In the UK, you can notify the Bereavement Register, which stops mail being sent to the deceased, suggests Age UK. In Australia, you must fill out an Advice of Death form to notify the Department of Human Services.

If your loved one had social media accounts or another online presence, look into downloading any information or photos you’d like to keep and deleting or deactivating the rest. Each online account has instructions. (For instance, here’s what Facebook has to say.)

Get multiple copies of the death certificate. You’re going to need one to close every account held in your spouse's name. It was one of the things that surprised Kristen Brown, who used almost 20 to settle her husband’s estate. “You need so many copies,” she said. “I even needed one to close a Kohl’s charge account he had.”

You may also need a copy if you travel with children internationally. “I have been asked at border patrol to show my husband’s death certificate to prove I’m not removing my daughter from the country without his knowledge,” Brown said. “It doesn’t happen every time, but be prepared.”

Start estate proceedings. If your loved one had a will, “notify your solicitor or lawyer, as well as the executor of the estate,” Evans said. “You can then plan the next steps, ensuring that everything you do is legally correct and compliant.” If there was no will, the state will name an executor or administrator of the estate. The laws vary depending on where you live. In some US states, for instance, the spouse automatically inherits everything, but that’s not the case everywhere. In New Zealand, for instance, the estate is divided among the spouse and children.

Take an inventory. Settling your loved one’s estate could be complicated, depending upon family structure, relationships and whether your spouse conveyed his or her wishes clearly before he or she died. Walk through your house and take photos or a video of contents and valuables following your spouse’s death. “Even in the most communicative of families, issues invariably arise over who’s going to get what,” said Sally Hurme, an elder law attorney with AARP and author of the Checklist for Family Survivors. “A video representation can be very valuable.”

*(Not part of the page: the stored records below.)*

(* Let $\mathcal{A}$ be a subring of the algebraic integers (not necessarily closed under complex conjugation). Let $\{\mathcal{W}_i\}_{i=1}^n$ be an equichordal tight fusion frame consisting of $n$ subspaces of dimension $m$ of $\mathbb{F}^k$ ($\mathbb{F}=\mathbb{R}$ or $\mathbb{C}$), with associated orthogonal projections $\{P_i\}_{i=1}^n$. If for all $i\in[n]$ the entries of $kP_i$ lie in $\mathcal{A}$, then \[ \frac{km(mn-k)}{n-1}\in\mathbb{Z}. \]
   Context: The algebraic integers are the complex roots of monic polynomials with integer coefficients. A collection of $m$-dimensional subspaces $\{\mathcal{W}_i\}_{i=1}^n$ of $\mathbb{F}^k$ with orthogonal projections $P_i$ is a tight fusion frame if $\sum_{i=1}^nP_i=AI_k$ for some $A>0$, and equichordal if $\operatorname{trace}(P_iP_j)$ is the same for all $i\neq j$. *)

From mathcomp Require Import all_boot all_order all_algebra.
From mathcomp Require Import algC algnum.
Set Implicit Arguments. Unset Strict Implicit. Unset Printing Implicit Defensive.
Import Order.TTheory GRing.Theory Num.Theory.
Local Open Scope ring_scope.

Definition adjmx (k : nat) (A : 'M[algC]_k) : 'M[algC]_k := map_mx Num.conj A^T.

Definition is_orth_proj (k m : nat) (P : 'M[algC]_k) : Prop :=
  P *m P = P /\ adjmx P = P /\ \rank P = m.

Definition tight_fusion_frame (n k : nat) (P : 'I_n -> 'M[algC]_k) : Prop :=
  exists A : algC, 0 < A /\ \sum_(i < n) P i = A%:M.

Definition equichordal (n k : nat) (P : 'I_n -> 'M[algC]_k) : Prop :=
  exists c : algC, forall i j : 'I_n, i != j -> \tr (P i *m P j) = c.

(* The trace of an orthogonal projection is its rank, so taking traces in
   sum_i P_i = A I gives n m = A k, and multiplying by P_i first gives
   m + (n - 1) c = A m, where c is the common value of tr(P_i P_j).
   Eliminating A yields (n - 1) k^2 c = k m (m n - k).  For n >= 2 the
   quantity k m (m n - k) / (n - 1) is thus k^2 c = tr((k P_i)(k P_j)), which
   lies in the given subring, so it is a rational algebraic integer, i.e. an integer;
   the cases n = 0 and n = 1 (where the division is by 0) are direct. *)
From mathcomp Require Import all_boot all_order all_algebra.
From mathcomp Require Import algC algnum.
From mathcomp Require Import ring.
Set Implicit Arguments. Unset Strict Implicit. Unset Printing Implicit Defensive.
Import Order.TTheory GRing.Theory Num.Theory.
Local Open Scope ring_scope.

Lemma mxtrace_idem (F : fieldType) k (A : 'M[F]_k) :
  A *m A = A -> \tr A = (\rank A)%:R.
Proof.
move=> AA.
have base_inv : row_base A *m col_base A = 1%:M.
  apply: (row_full_inj (col_base_full A)); apply: (row_free_inj (row_base_free A)).
  have := AA; rewrite -{1 2 3}(mulmx_base A) !mulmxA => ->.
  by rewrite mulmx1.
by rewrite -{1}(mulmx_base A) mxtrace_mulC base_inv mxtrace1.
Qed.

Lemma mxtrace_mul_closed (R : pzSemiRingType) (S : {pred R}) k (A B : 'M[R]_k) :
  semiring_closed S -> (forall i j, A i j \in S) -> (forall i j, B i j \in S) ->
  \tr (A *m B) \in S.
Proof.
move=> [[S0 SD] [_ SM]] AS BS.
apply: (big_ind (fun x => x \in S)) => // i _; rewrite mxE.
by apply: (big_ind (fun x => x \in S)) => // j _; apply: SM.
Qed.

Section TightEquichordal.

Variables (F : fieldType) (n k m : nat) (P : 'I_n -> 'M[F]_k) (A c : F).
Hypothesis P_idem : forall i, P i *m P i = P i.
Hypothesis P_rank : forall i, \rank (P i) = m.
Hypothesis sumP : \sum_i P i = A%:M.
Hypothesis trPP : forall i j, i != j -> \tr (P i *m P j) = c.

Let trP i : \tr (P i) = m%:R.
Proof. by rewrite mxtrace_idem ?P_rank. Qed.

Lemma tight_frame_trace : n%:R * m%:R = A * k%:R.
Proof.
have := congr1 mxtrace sumP.
rewrite mxtrace_scalar raddf_sum (eq_bigr _ (fun i _ => trP i)) sumr_const card_ord.
by rewrite mulr_natl mulr_natr.
Qed.

Lemma tight_frame_trace_mul (i : 'I_n) : m%:R + (n%:R - 1) * c = A * m%:R.
Proof.
have := congr1 (fun M => \tr (P i *m M)) sumP.
rewrite /= mul_mx_scalar mxtraceZ trP mulmx_sumr raddf_sum (bigD1 i) //= P_idem trP.
rewrite (eq_bigr (fun _ => c)) => [|j ji]; last by rewrite trPP // eq_sym.
have n_gt0 : (0 < n)%N := leq_ltn_trans (leq0n i) (ltn_ord i).
by rewrite sumr_const cardC1 card_ord -(mulr_natl c) -subn1 natrB // => <-.
Qed.

Lemma equichordal_constant (i : 'I_n) :
  (n%:R - 1) * (k%:R ^+ 2 * c) = k%:R * m%:R * (m%:R * n%:R - k%:R).
Proof.
have eAm : (n%:R - 1) * c = A * m%:R - m%:R.
  by rewrite -(tight_frame_trace_mul i); ring.
have -> : (n%:R - 1) * (k%:R ^+ 2 * c) = k%:R ^+ 2 * ((n%:R - 1) * c) by ring.
by rewrite eAm [m%:R * n%:R]mulrC tight_frame_trace; ring.
Qed.

End TightEquichordal.

Theorem mainTheorem3 (S : {pred algC}) (n m k : nat) (P : 'I_n -> 'M[algC]_k) :
  subring_closed S ->
  {subset S <= Aint} ->
  (forall i, is_orth_proj m (P i)) ->
  tight_fusion_frame P ->
  equichordal P ->
  (forall i (a b : 'I_k), k%:R * P i a b \in S) ->
  ((k%:R * m%:R * (m%:R * n%:R - k%:R)) / (n%:R - 1) : algC) \in Num.int.
Proof.
move=> Sring SA hP [A [_ sumP]] [c hc] kPS.
have P_idem i : P i *m P i = P i by case: (hP i).
have P_rank i : \rank (P i) = m by case: (hP i) => _ [].
case: n P hP sumP hc kPS P_idem P_rank => [|[|n]] P _ sumP hc kPS P_idem P_rank.
- rewrite (_ : _ / _ = (k * m * k)%:R) ?rpred_nat //.
  by rewrite !natrM mulr0 !sub0r invrN1; ring.
- by rewrite subrr invr0 mulr0 rpred0.
pose i : 'I_n.+2 := ord0; pose j : 'I_n.+2 := ord_max.
have n1_neq0 : n.+2%:R - 1 != 0 :> algC by rewrite -natr1 addrK pnatr_eq0.
apply: Cint_rat_Aint; first by rewrite !(rpred_div, rpredM, rpredB, rpred_nat, rpred1).
rewrite -(equichordal_constant P_idem P_rank sumP hc i) mulrC mulKf //; apply/SA.
rewrite -(hc i j) // -mxtraceZ expr2 -scalerA scalemxAl scalemxAr.
by apply: mxtrace_mul_closed (GRing.subring_closed_semi Sring) _ _ => a b; rewrite mxE kPS.
Qed.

Consult a professional. Some financial transfers involve reams of paperwork and some have tax implications, so someone with a complicated estate should consult a financial advisor you trust. “It may be appropriate to reevaluate your financial plan, because your needs may be different,” Hurme said. “There may be life insurance proceeds that need to be invested, or there may be a reduction in social security or pension benefits.”

Look carefully at income and how long it's going to last. For instance, in the UK you will continue to receive the Married Couple’s Allowance for the rest of the tax year but not after that.

Do it later: Ignore Uncle Marty. “You will get a lot of free advice from well-meaning friends and family,” Hurme said. “They’ll say, ‘You ought to invest in this wonderful stock’ or ‘You need to sell your house tomorrow and move in with us’. Take your time and be sure you have good financial advice.”

Give big decisions some time. “I think a lot of widows feel they need to get knee-deep into what to do with their investments,” Thornton said. “It’s best to let the dust settle. Give it a few weeks or a couple of months to get your bearings and begin to adjust.”

Consider whether your circumstances must change. Depending on your age and that of your children, you might be better off downsizing or moving closer to family. “Ultimately, you’ll need to think about whether you’re living in a community or city that makes sense long term,” Thornton said.

Do it smarter: Understand that people will say stupid things. “At least one person you know is going to say something insensitive or goofy,” Fleet said. “My hall-of-famer was at my husband’s funeral, and I was told that I would forget all about him when I got a new boyfriend. I still don’t have a comeback for that one.”